Lewis Black chronology
| Revolver (2002) | The End of the Universe (2002) | Rules of Enragement (2003) |

= The End of the Universe =

The End of the Universe is Lewis Black's second album, recorded at The Punchline in Atlanta, Georgia, United States, on two separate date ranges: August 24–26, 2001 and March 8–10, 2002, and released on July 1, 2002.

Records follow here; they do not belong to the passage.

(* Let $B \in \mathbb{R}^{r \times n}$ and $S\subseteq \mathbb{R}^n$, and let $S_B = \{ x^B - y^B \mid x,y \in \mathbb{R}^n_+,\ x - y \in S^* \}\subseteq\mathbb{R}^r$. Then $\sigma(S_B) = \sigma(B(\Sigma(S^* )))$.
   Context: $\mathbb{R}_+$ denotes the strictly positive reals. For $x\in\mathbb{R}^n_+$, $x^B\in\mathbb{R}^r_+$ has components $(x^B)_j=\prod_{i=1}^n x_i^{b_{ji}}$ (real exponents). $S^*=S\setminus\{0\}$. For $x\in\mathbb{R}^k$, $\sigma(x)$ is the componentwise sign vector in $\{-,0,+\}^k$; for $T\subseteq\mathbb{R}^k$, $\sigma(T)=\{\sigma(x)\mid x\in T\}$ and $\Sigma(T)=\sigma^{-1}(\sigma(T))$. $B(T)=\{Bx\mid x\in T\}$. *)

From Stdlib Require Import Reals.
From mathcomp Require Import ssreflect ssrfun ssrbool eqtype ssrnat seq fintype bigop.

Set Implicit Arguments.
Unset Strict Implicit.

Local Open Scope R_scope.

Definition vec (n : nat) := 'I_n -> R.
Definition mat (r n : nat) := 'I_r -> 'I_n -> R.

Definition posvec (n : nat) (x : vec n) : Prop := forall i, 0 < x i.

Definition mono (r n : nat) (B : mat r n) (x : vec n) : vec r :=
  fun j => \big[Rmult/1]_(i < n) Rpower (x i) (B j i).

Definition matvec (r n : nat) (B : mat r n) (x : vec n) : vec r :=
  fun j => \big[Rplus/0]_(i < n) (B j i * x i).

Definition vsub (n : nat) (x y : vec n) : vec n := fun i => x i - y i.

Inductive sgn := SNeg | SZero | SPos.

Definition sign (a : R) : sgn :=
  match total_order_T a 0 with
  | inleft (left _) => SNeg
  | inleft (right _) => SZero
  | inright _ => SPos
  end.

Definition sigma (k : nat) (x : vec k) : 'I_k -> sgn := fun i => sign (x i).

Definition sigmaSet (k : nat) (T : vec k -> Prop) (s : 'I_k -> sgn) : Prop :=
  exists x, T x /\ forall i, sigma x i = s i.

Definition SigmaSet (k : nat) (T : vec k -> Prop) (y : vec k) : Prop :=
  sigmaSet T (sigma y).

Definition Sstar (n : nat) (S : vec n -> Prop) (x : vec n) : Prop :=
  S x /\ exists i, x i <> 0.

Definition imageB (r n : nat) (B : mat r n) (T : vec n -> Prop) (z : vec r) : Prop :=
  exists x, T x /\ forall j, z j = matvec B x j.

Definition SB (r n : nat) (B : mat r n) (S : vec n -> Prop) (z : vec r) : Prop :=
  exists x y, posvec x /\ posvec y /\ Sstar S (vsub x y) /\
    forall j, z j = mono B x j - mono B y j.

From Pilot Require Import Defs.
From Stdlib Require Import Reals.
From mathcomp Require Import ssreflect ssrfun ssrbool eqtype ssrnat seq fintype bigop.
From Stdlib Require Import Lra FunctionalExtensionality.

(* Write ln x for the componentwise logarithm of x in R^n_+.
   Since Rpower t b = exp (b * ln t), we have x^B = exp (B ln x), and exp is
   strictly increasing, so for all x, y in R^n_+ the sign vector of
   x^B - y^B equals that of B (ln x - ln y).  As ln is strictly increasing too,
   sigma (x - y) = sigma (ln x - ln y), so ln x - ln y lies in Sigma(S^* ) when
   x - y lies in S^*: this gives sigma(S_B) within sigma(B(Sigma(S^* ))).
   Conversely, given w in S^* and v with sigma v = sigma w, one solves, one
   coordinate at a time, p - q = w_i and ln p - ln q = v_i with p, q > 0
   (q = w_i / (exp v_i - 1), p = q exp v_i, or p = q = 1 when w_i = 0);
   the resulting x, y give x^B - y^B with the sign vector of B v. *)

Local Open Scope R_scope.

Lemma sign_cases (a : R) :
  (sign a = SNeg /\ a < 0) \/ (sign a = SZero /\ a = 0) \/ (sign a = SPos /\ 0 < a).
Proof. by rewrite /sign; case: (total_order_T a 0) => [[H|H]|H]; auto. Qed.

Lemma sign_neg (a : R) : a < 0 -> sign a = SNeg.
Proof. by move=> H; case: (sign_cases a) => [[]|[[]|[]]] //; lra. Qed.

Lemma sign_zero (a : R) : a = 0 -> sign a = SZero.
Proof. by move=> H; case: (sign_cases a) => [[]|[[]|[]]] //; lra. Qed.

Lemma sign_pos (a : R) : 0 < a -> sign a = SPos.
Proof. by move=> H; case: (sign_cases a) => [[]|[[]|[]]] //; lra. Qed.

Lemma sign_eq0 (a : R) : sign a = SZero -> a = 0.
Proof. by case: (sign_cases a) => [[-> _]|[[_ ->]|[-> _]]]. Qed.

Lemma sign_sub_increasing (P : R -> Prop) (f : R -> R) (a b : R) :
  (forall s t, P s -> P t -> s < t -> f s < f t) ->
  P a -> P b -> sign (f a - f b) = sign (a - b).
Proof.
move=> incr Pa Pb; case: (Rtotal_order a b) => [lt_ab|[<-|lt_ba]].
- by have := incr _ _ Pa Pb lt_ab => ?; rewrite !sign_neg //; lra.
- by rewrite !sign_zero //; lra.
- by have := incr _ _ Pb Pa lt_ba => ?; rewrite !sign_pos //; lra.
Qed.

Lemma sign_exp_sub (a b : R) : sign (exp a - exp b) = sign (a - b).
Proof. by apply: (@sign_sub_increasing (fun _ => True)) => // s t _ _; exact: exp_increasing. Qed.

Lemma sign_ln_sub (a b : R) : 0 < a -> 0 < b -> sign (ln a - ln b) = sign (a - b).
Proof. by apply: (@sign_sub_increasing (fun t => 0 < t)) => // s t Ps _; exact: ln_increasing. Qed.

Definition lnvec {n : nat} (x : vec n) : vec n := fun i => ln (x i).

Lemma big_exp (n : nat) (f : 'I_n -> R) :
  \big[Rmult/1]_(i < n) exp (f i) = exp (\big[Rplus/0]_(i < n) f i).
Proof.
apply: (big_ind2 (fun a b => a = exp b)) => //; first by rewrite exp_0.
by move=> x1 x2 y1 y2 -> ->; rewrite exp_plus.
Qed.

Lemma mono_exp (r n : nat) (B : mat r n) (x : vec n) (j : 'I_r) :
  mono B x j = exp (matvec B (lnvec x) j).
Proof. by rewrite /mono /Rpower big_exp; congr exp; apply: eq_bigr => i _; ring. Qed.

Lemma matvec_sub (r n : nat) (B : mat r n) (u w : vec n) (j : 'I_r) :
  matvec B u j - matvec B w j = matvec B (vsub u w) j.
Proof.
apply: (big_ind3 (fun a b c => a - b = c)); first lra.
- by move=> ? ? ? ? ? ? <- <-; ring.
- by move=> i _; rewrite /vsub; ring.
Qed.

Lemma sign_mono_sub (r n : nat) (B : mat r n) (x y : vec n) (j : 'I_r) :
  sign (mono B x j - mono B y j) = sign (matvec B (vsub (lnvec x) (lnvec y)) j).
Proof. by rewrite !mono_exp sign_exp_sub matvec_sub. Qed.

(* Scalar realization: if a and b have the same sign, there are p, q > 0 with
   p - q = a and ln p - ln q = b.  The witnesses are given explicitly. *)
Definition realize_q (a b : R) : R :=
  if Req_EM_T a 0 then 1 else a / (exp b - 1).

Definition realize_p (a b : R) : R := realize_q a b * exp b.

Section ScalarRealization.
Variables a b : R.
Hypothesis same_sign : sign a = sign b.

(* q > 0: a and exp b - 1 have the sign of b, hence the same sign as each other. *)
Lemma realize_q_pos : 0 < realize_q a b.
Proof.
rewrite /realize_q; case: Req_EM_T => [a0|a_ne0] /=; first lra.
move: same_sign; have [[-> Ha]|[[_ Ha]|[-> Ha]]] := sign_cases a => //;
  have [[-> Hb]|[[-> Hb]|[-> Hb]]] := sign_cases b => // _;
  have := exp_increasing _ _ Hb; rewrite exp_0 => Heb.
- by apply: Rdiv_neg_neg; lra.
- by apply: Rdiv_lt_0_compat; lra.
Qed.

Lemma realize_p_pos : 0 < realize_p a b.
Proof. exact: Rmult_lt_0_compat realize_q_pos (exp_pos b). Qed.

(* a = 0 forces b = 0 and p = q = 1; otherwise exp b <> 1 and p - q = q (exp b - 1) = a. *)
Lemma realize_sub : realize_p a b - realize_q a b = a.
Proof.
rewrite /realize_p /realize_q; case: Req_EM_T => [a0|a_ne0] /=.
- have b0 : b = 0 by apply: sign_eq0; rewrite -same_sign sign_zero.
  by rewrite b0 exp_0 a0; ring.
- have b_ne0 : b <> 0 by move=> b0; apply: a_ne0; apply: sign_eq0; rewrite same_sign sign_zero.
  have eb_ne1 : exp b - 1 <> 0.
  { by move=> E; apply: b_ne0; apply: exp_inv; rewrite exp_0; lra. }
  by field.
Qed.

Lemma realize_ln_sub : ln (realize_p a b) - ln (realize_q a b) = b.
Proof. by rewrite /realize_p ln_mult ?ln_exp; [ring | exact: realize_q_pos | exact: exp_pos]. Qed.

End ScalarRealization.

Lemma realize_vec {n : nat} (w v : vec n) :
  (forall i, Defs.sigma w i = Defs.sigma v i) ->
  exists x y, posvec x /\ posvec y /\ vsub x y = w /\ vsub (lnvec x) (lnvec y) = v.
Proof.
move=> same_sigma.
exists (fun i => realize_p (w i) (v i)), (fun i => realize_q (w i) (v i)).
split; [|split; [|split]].
- by move=> i; apply: realize_p_pos; exact: same_sigma.
- by move=> i; apply: realize_q_pos; exact: same_sigma.
- by apply: functional_extensionality => i; apply: realize_sub; exact: same_sigma.
- by apply: functional_extensionality => i; apply: realize_ln_sub; exact: same_sigma.
Qed.

Lemma sigma_lnvec_sub (n : nat) (x y : vec n) (i : 'I_n) :
  posvec x -> posvec y -> Defs.sigma (vsub x y) i = Defs.sigma (vsub (lnvec x) (lnvec y)) i.
Proof. by move=> Hx Hy; rewrite /Defs.sigma /vsub /lnvec sign_ln_sub. Qed.

Theorem mainTheorem6 (r n : nat) (B : mat r n) (S : vec n -> Prop) :
  forall s : 'I_r -> sgn,
    sigmaSet (SB B S) s <-> sigmaSet (imageB B (SigmaSet (Sstar S))) s.
Proof.
move=> s; split.
- (* x^B - y^B has the sign vector of B (ln x - ln y), and ln x - ln y lies
     in Sigma(S^* ) because it has the sign vector of x - y. *)
  move=> [z [[x [y [Hx [Hy [HS Hz]]]]] Hs]].
  exists (matvec B (vsub (lnvec x) (lnvec y))); split.
  + exists (vsub (lnvec x) (lnvec y)); split => //.
    by exists (vsub x y); split => // i; rewrite sigma_lnvec_sub.
  + by move=> j; rewrite -Hs /Defs.sigma Hz sign_mono_sub.
- (* Realize w in S^* and v with the same signs as x - y and ln x - ln y. *)
  move=> [z [[v [[w [HS Hw]] Hz]] Hs]].
  have [x [y [Hx [Hy [Hxy Hln]]]]] := realize_vec _ _ Hw.
  exists (fun j => mono B x j - mono B y j); split.
  + by exists x, y; rewrite Hxy.
  + by move=> j; rewrite -Hs /Defs.sigma Hz sign_mono_sub Hln.
Qed.
Lemma measurable_affine al be : measurable_fun setT (affine al be).
Proof.
apply: (@measurability _ _ O O setT _ (@coord_sets E R)) => //.
move=> _ [X [e [B [mB ->]]] <-]; rewrite setTI.
have mg : measurable_fun setT (fun y : R => al e * y + be e).
  by apply: measurable_funD => //; apply: measurable_funM.
rewrite (_ : _ @^-1` _ = (fun w : O => w e) @^-1`
                        ((fun y => al e * y + be e) @^-1` B)) //.
rewrite -[X in measurable X]setTI; apply: (measurable_coord e measurableT).
by rewrite -[X in measurable X]setTI; exact: mg.
Qed.

Lemma affine_invK al be : (forall e, al e != 0) ->
  cancel (affine_inv al be) (affine al be).
Proof. by move=> al0 w; apply/funext => e; rewrite /affine_inv /affine; field. Qed.

Lemma affine_inv_id_out al be e (w : O) : al e = 1 -> be e = 0 ->
  affine_inv al be w e = w e.
Proof.
by rewrite /affine_inv /affine => -> ->; rewrite invr1 mul1r oppr0 mul0r addr0.
Qed.

Definition orthant (F : seq E) (x : E -> R) : set O := box F [::] x x x.

Definition orthants : set (set O) := [set A | exists F x, A = orthant F x].

Lemma orthants_measurable : orthants `<=` measurable.
Proof. by move=> _ [F [x ->]]; exact: measurable_box. Qed.

Lemma orthants_setI_closed : setI_closed orthants.
Proof.
move=> _ _ [F [x ->]] [F' [x' ->]].
exists (F ++ F'), (fun e => if e \in F then
  (if e \in F' then Num.min (x e) (x' e) else x e) else x' e).
apply/seteqP; split => w /=.
  move=> [[h1 _] [h2 _]]; split => // e; rewrite mem_cat.
  case eF: (e \in F); case eF': (e \in F') => //= _.
  - by rewrite le_min h1 ?h2.
  - exact: h1.
  - exact: h2.
move=> [h _]; split; split => // e eF; have := h e; rewrite mem_cat eF ?orbT.
  by move=> /(_ isT); case: (e \in F') => //; rewrite le_min => /andP[].
by move=> /(_ isT); case: (e \in F) => //; rewrite le_min => /andP[].
Qed.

The title refers to Black's belief that the end of the universe is in Houston, Texas, where two Starbucks coffeehouses are located across the street from each other. In 2020, one of the two Starbucks locations closed.

Professional ratings
Review scores
| Source | Rating |
| AllMusic |  |

==Track listing==
1. "Atlanta" – 6:19
2. "After September 11th" – 3:31
3. "Environmental Terrorism or Global Warming?" – 7:59
4. "Coke and Pepsi and the Super Bowl of 2001" – 7:03
5. "Halftime at the Super Bowl 2001" – 5:46
6. "The End of the Universe" – 3:50
7. "Tax Rebates and Common Sense" – 4:56
8. "Airport Security" – 13:39
9. "TV News and Jerry Falwell" – 4:03
10. "What I've Learned" – 3:29

===Notes===
A limited vinyl picture-disk edition of 500 was released by Stand Up! Records. The edition was signed by Black before the manufacturing process was completed. His signature is part of the vinyl art, under the grooves.

The CD version of the album features a hidden track including outtakes of Lewis yelling at hecklers and muffing a couple jokes. The track can be heard by playing the beginning of track one and then using the rewind/search button to go back 14:53.